In the present case, chemical was poured on the face of Sujata. As per the evidence of PW 10 Dr. Archana, the percentage of burns was 5% on face, 2% on neck and 3% on right upper limb that is in all 10% burn injuries on the portion of her body. PW 10 Dr. Archana has not opined that these injuries would have resulted into death if they are not treated. Hence, we bring down the charge to the lesser degree i.e. from Section 307 to Section 326 of IPC. Section 326 is about voluntarily causing grievous hurt by dangerous weapons or means. The word 'grievous hurt' is defined in Section 320 of IPC. The relevant portion of this Section is - Sixthly i.e permanent disfiguration of the head or face.

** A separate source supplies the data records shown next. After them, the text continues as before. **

Definition quasi_monotone_dominated (F G : vec3 -> vec3) : Prop :=
  forall B, 0 <= B -> exists k, 0 <= k /\ forall X Y,
    nonneg3 X -> nonneg3 Y -> le3 X (B, B, B) -> le3 Y (B, B, B) ->
    let s := negp (c1 Y - c1 X) + negp (c2 Y - c2 X) + negp (c3 Y - c3 X) in
    (c1 Y - c1 X < 0 -> c1 (G Y) - c1 (F X) >= k * s) /\
    (c2 Y - c2 X < 0 -> c2 (G Y) - c2 (F X) >= k * s) /\
    (c3 Y - c3 X < 0 -> c3 (G Y) - c3 (F X) >= k * s).

Lemma solution_nonneg F x : quasi_positive F -> is_solution F x -> nonneg3 (x 0) ->
  forall t, 0 <= t -> nonneg3 (x t).
Proof.
  intros [c [Hc HF]] Hx [P1 [P2 P3]].
  destruct (solution_continuous F x Hx) as [C1 [C2 C3]].
  destruct (solution_derive F x Hx) as [D1 [D2 D3]].
  intros t Ht. rewrite <- (extend_past_eq x t Ht).
  apply (orthant_invariance _ _ _ _ _ _ c Hc C1 C2 C3 D1 D2 D3); auto;
    try (rewrite extend_past_eq; auto; lra).
  intros T HT. destruct (solution_bounded F x Hx T ltac:(lra)) as [B [HB HBt]].
  destruct (HF B HB) as [k [Hk Hkt]]. exists k. split; auto.
  intros s Hs. rewrite extend_past_eq by lra.
  destruct (HBt s ltac:(lra)) as [B1 [B2 B3]]. apply Hkt; auto.
Qed.

Lemma solution_comparison F G x y : quasi_monotone_dominated F G ->
  is_solution F x -> is_solution G y ->
  (forall t, 0 <= t -> nonneg3 (x t)) -> (forall t, 0 <= t -> nonneg3 (y t)) ->
  le3 (x 0) (y 0) -> forall t, 0 <= t -> le3 (x t) (y t).
Proof.
  intros HFG Hx Hy Nx Ny [L1 [L2 L3]].
  destruct (solution_continuous F x Hx) as [C1 [C2 C3]].
  destruct (solution_derive F x Hx) as [D1 [D2 D3]].
  destruct (solution_continuous G y Hy) as [C1' [C2' C3']].
  destruct (solution_derive G y Hy) as [D1' [D2' D3']].
  assert (Hd : forall (f g : R -> R) s df dg, is_derive f s df -> is_derive g s dg ->
             is_derive (fun t => g t - f t) s (dg - df))
    by (intros; apply (is_derive_minus (K := R_AbsRing) (V := R_NormedModule)); auto).
  intros t Ht. rewrite <- (extend_past_eq x t Ht), <- (extend_past_eq y t Ht).
  cut (0 <= c1 (extend_past y t) - c1 (extend_past x t) /\
       0 <= c2 (extend_past y t) - c2 (extend_past x t) /\
       0 <= c3 (extend_past y t) - c3 (extend_past x t)).
  { unfold le3; lra. }
  apply (orthant_invariance (fun t => c1 (extend_past y t) - c1 (extend_past x t))
           (fun t => c2 (extend_past y t) - c2 (extend_past x t))
           (fun t => c3 (extend_past y t) - c3 (extend_past x t))
           (fun t => c1 (G (y t)) - c1 (F (x t)))
           (fun t => c2 (G (y t)) - c2 (F (x t))) (fun t => c3 (G (y t)) - c3 (F (x t)))
           1 Rlt_0_1);
    auto; try (intros; apply continuity_pt_minus; auto);
    try (rewrite !extend_past_eq by lra; lra).
  intros T HT.
  destruct (solution_bounded F x Hx T ltac:(lra)) as [Bx [HBx HBxt]].
  destruct (solution_bounded G y Hy T ltac:(lra)) as [By [HBy HByt]].
  destruct (HFG (Bx + By) ltac:(lra)) as [k [Hk Hkt]]. exists k. split; auto.
  intros s Hs _. rewrite !extend_past_eq by lra.
  destruct (HBxt s ltac:(lra)) as [B1 [B2 B3]]. destruct (HByt s ltac:(lra)) as [B1' [B2' B3']].
  pose proof (Nx s ltac:(lra)) as Nxs. pose proof (Ny s ltac:(lra)) as Nys.
  destruct Nxs as [P1 [P2 P3]]; destruct Nys as [P1' [P2' P3']].
  apply Rabs_le_between in B1, B2, B3, B1', B2', B3'.
  apply Hkt; unfold nonneg3, le3, c1, c2, c3 in *; simpl in *; repeat split; lra.
Qed.

Definition dominated_solutions (F G : vec3 -> vec3) : Prop :=
  forall x y, is_solution F x -> is_solution G y -> nonneg3 (x 0) -> y 0 = x 0 ->
    forall t, 0 <= t -> nonneg3 (x t) /\ le3 (x t) (y t).

Lemma dominated_solutions_of_quasi_monotone F G :
  quasi_positive F -> quasi_positive G -> quasi_monotone_dominated F G ->
  dominated_solutions F G.
Proof.
  intros HF HG HFG x y Hx Hy H0 Hyx t Ht.
  pose proof (solution_nonneg F x HF Hx H0) as Nx.
  assert (Ny := solution_nonneg G y HG Hy ltac:(rewrite Hyx; auto)).
  split; auto. apply (solution_comparison F G x y); auto.
  rewrite Hyx. repeat split; lra.
Qed.

Lemma converges_to_E0_squeeze (x y : R -> vec3) :
  (forall t, 0 <= t -> nonneg3 (x t) /\ le3 (x t) (y t)) ->
  converges_to y E0 -> converges_to x E0.
Proof.
  intros H [L1 [L2 L3]].
  assert (Hsq : forall (u v : R -> R), (forall t, 0 <= t -> 0 <= u t <= v t) ->
             is_lim v p_infty 0 -> is_lim u p_infty 0).
  { intros u v Huv Hv. apply (is_lim_le_le_loc (fun _ => 0) v); auto.
    - exists 0. intros t Ht. apply Huv. lra.
    - apply (is_lim_const 0). }
  split; [|split]; [eapply Hsq, L1 | eapply Hsq, L2 | eapply Hsq, L3];
    intros t Ht; destruct (H t Ht) as [[P1 [P2 P3]] [Q1 [Q2 Q3]]];
    unfold c1, c2, c3 in *; simpl in *; lra.
Qed.

Lemma in_basin_of_dominated F G X0 : dominated_solutions F G ->
  (exists x, is_solution F x /\ x 0 = X0) -> nonneg3 X0 ->
  in_basin G E0 X0 -> in_basin F E0 X0.
Proof.
  intros Hdom Hex HX0 [[y [Hy Hy0]] Hconv]. split; auto.
  intros x Hx Hx0. apply (converges_to_E0_squeeze x y).
  - apply Hdom; auto; congruence.
  - apply Hconv; auto.
Qed.

Lemma stable_of_dominated F G : dominated_solutions F G ->
  (forall X0, nonneg3 X0 -> exists y, is_solution G y /\ y 0 = X0) ->
  stable_on_nonneg G E0 -> stable_on_nonneg F E0.
Proof.
  intros Hdom Hex Hst eps Heps. destruct (Hst eps Heps) as [del [Hdel Hd]].
  exists del. split; auto. intros x Hx H0 B1 B2 B3 t Ht.
  destruct (Hex (x 0) H0) as [y [Hy Hy0]].
  rewrite <- Hy0 in B1, B2, B3.
  destruct (Hd y Hy ltac:(rewrite Hy0; auto) B1 B2 B3 t Ht) as [Q1 [Q2 Q3]].
  destruct (Hdom x y Hx Hy H0 Hy0 t Ht) as [[P1 [P2 P3]] [L1 [L2 L3]]].
  unfold c1, c2, c3 in *; simpl in *. rewrite !Rminus_0_r in *.
  apply Rabs_lt_between in Q1, Q2, Q3. repeat split; apply Rabs_lt_between; lra.
Qed.

(** * Existence for globally Lipschitz fields *)

Lemma ex_RInt_continuous_everywhere (f : R -> R) a b :
  (forall t, continuity_pt f t) -> ex_RInt f a b.
Proof.
  intros H. apply (ex_RInt_continuous (V := R_CompleteNormedModule)). intros z _.
  apply continuity_pt_filterlim, H.
Qed.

This case is directly falling under Section 320 - Grievous hurt - Sixthly permanent disfiguration of the head or face by pouring chemical. Thus, the offence is proved under Section 326 of IPC. 15. Mr. Patil has prayed for leniency. It is submitted that the appellant is the only earning member of the family and has to shoulder responsibility of one daughter. 16. We are not inclined to reduce the sentence though we have reduced the offence to the lesser degree i.e. from Section 307 to Section 326 of IPC. Considering the gravity of the offence and the nature of the offence, we maintain the sentence imposed on the appellant which is a maximum punishment under Section 326 of the IPC, hence, the appeal is dismissed. 17. Office to communicate this order to the concerned prison Authorities and to the appellant who is in jail. Appeal dismissed.